» Requirement: A word-for-word repetition of all the entries is needed.

┄┄┄┄┄┄

Lemma frob_sqr_le U V : frob U V ^+ 2 <= frob U U * frob V V.
Proof.
have [/eqP|V0] := eqVneq (frob V V) 0.
  by rewrite frob_eq0 => /eqP->; rewrite !linear0 expr0n mulr0.
have V_gt0 : 0 < frob V V by rewrite lt_def V0 frob_ge0.
have := frob_ge0 (frob V V *: U - frob U V *: V).
rewrite !(frobBl, frobBr, frobZl, frobZr) (frobC V U) => H.
have : 0 <= frob V V * (frob U U * frob V V - frob U V ^+ 2).
  by move: H; congr (_ <= _); ring.
by rewrite pmulr_rge0 // subr_ge0.
Qed.

Lemma frob_CauchySchwarz U V : frob U V <= frob_norm U * frob_norm V.
Proof.
rewrite /frob_norm -sqrtrM ?frob_ge0 //; apply: le_trans (ler_norm _) _.
by rewrite -sqrtr_sqr ler_sqrt ?frob_sqr_le ?mulr_ge0 ?frob_ge0.
Qed.

End Frobenius.

Section FrobeniusProducts.
Variable R : realType.

Lemma frob_mulmx_tr k l q (M : 'M[R]_(k, l)) (N : 'M[R]_(k, q)) (Y : 'M[R]_(l, q)) :
  frob M (N *m Y^T) = frob (M *m Y) N.
Proof. by rewrite /frob mulmxA mxtrace_mulC trmx_mul mulmxA. Qed.

Lemma mxtrace_mulmx_tr k l (U : 'M[R]_(k, l)) : \tr (U *m U^T) = frob U U.
Proof. by rewrite /frob mxtrace_mulC. Qed.

Lemma frob1l n (X : 'M[R]_n) : frob 1%:M X = \tr X.
Proof. by rewrite /frob trmx1 mul1mx. Qed.

Lemma frob_col n (v w : 'cV[R]_n) : frob v w = (v^T *m w) 0 0.
Proof. by rewrite /frob /mxtrace big_ord1. Qed.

┄┄┄┄┄┄

» Answer area:
Lemma frob_sqr_le U V : frob U V ^+ 2 <= frob U U * frob V V.
Proof.
have [/eqP|V0] := eqVneq (frob V V) 0.
  by rewrite frob_eq0 => /eqP->; rewrite !linear0 expr0n mulr0.
have V_gt0 : 0 < frob V V by rewrite lt_def V0 frob_ge0.
have := frob_ge0 (frob V V *: U - frob U V *: V).
rewrite !(frobBl, frobBr, frobZl, frobZr) (frobC V U) => H.
have : 0 <= frob V V * (frob U U * frob V V - frob U V ^+ 2).
  by move: H; congr (_ <= _); ring.
by rewrite pmulr_rge0 // subr_ge0.
Qed.

Lemma frob_CauchySchwarz U V : frob U V <= frob_norm U * frob_norm V.
Proof.
rewrite /frob_norm -sqrtrM ?frob_ge0 //; apply: le_trans (ler_norm _) _.
by rewrite -sqrtr_sqr ler_sqrt ?frob_sqr_le ?mulr_ge0 ?frob_ge0.
Qed.

End Frobenius.

Section FrobeniusProducts.
Variable R : realType.

Lemma frob_mulmx_tr k l q (M : 'M[R]_(k, l)) (N : 'M[R]_(k, q)) (Y : 'M[R]_(l, q)) :
  frob M (N *m Y^T) = frob (M *m Y) N.
Proof. by rewrite /frob mulmxA mxtrace_mulC trmx_mul mulmxA. Qed.

Lemma mxtrace_mulmx_tr k l (U : 'M[R]_(k, l)) : \tr (U *m U^T) = frob U U.
Proof. by rewrite /frob mxtrace_mulC. Qed.

Lemma frob1l n (X : 'M[R]_n) : frob 1%:M X = \tr X.
Proof. by rewrite /frob trmx1 mul1mx. Qed.

Lemma frob_col n (v w : 'cV[R]_n) : frob v w = (v^T *m w) 0 0.
Proof. by rewrite /frob /mxtrace big_ord1. Qed.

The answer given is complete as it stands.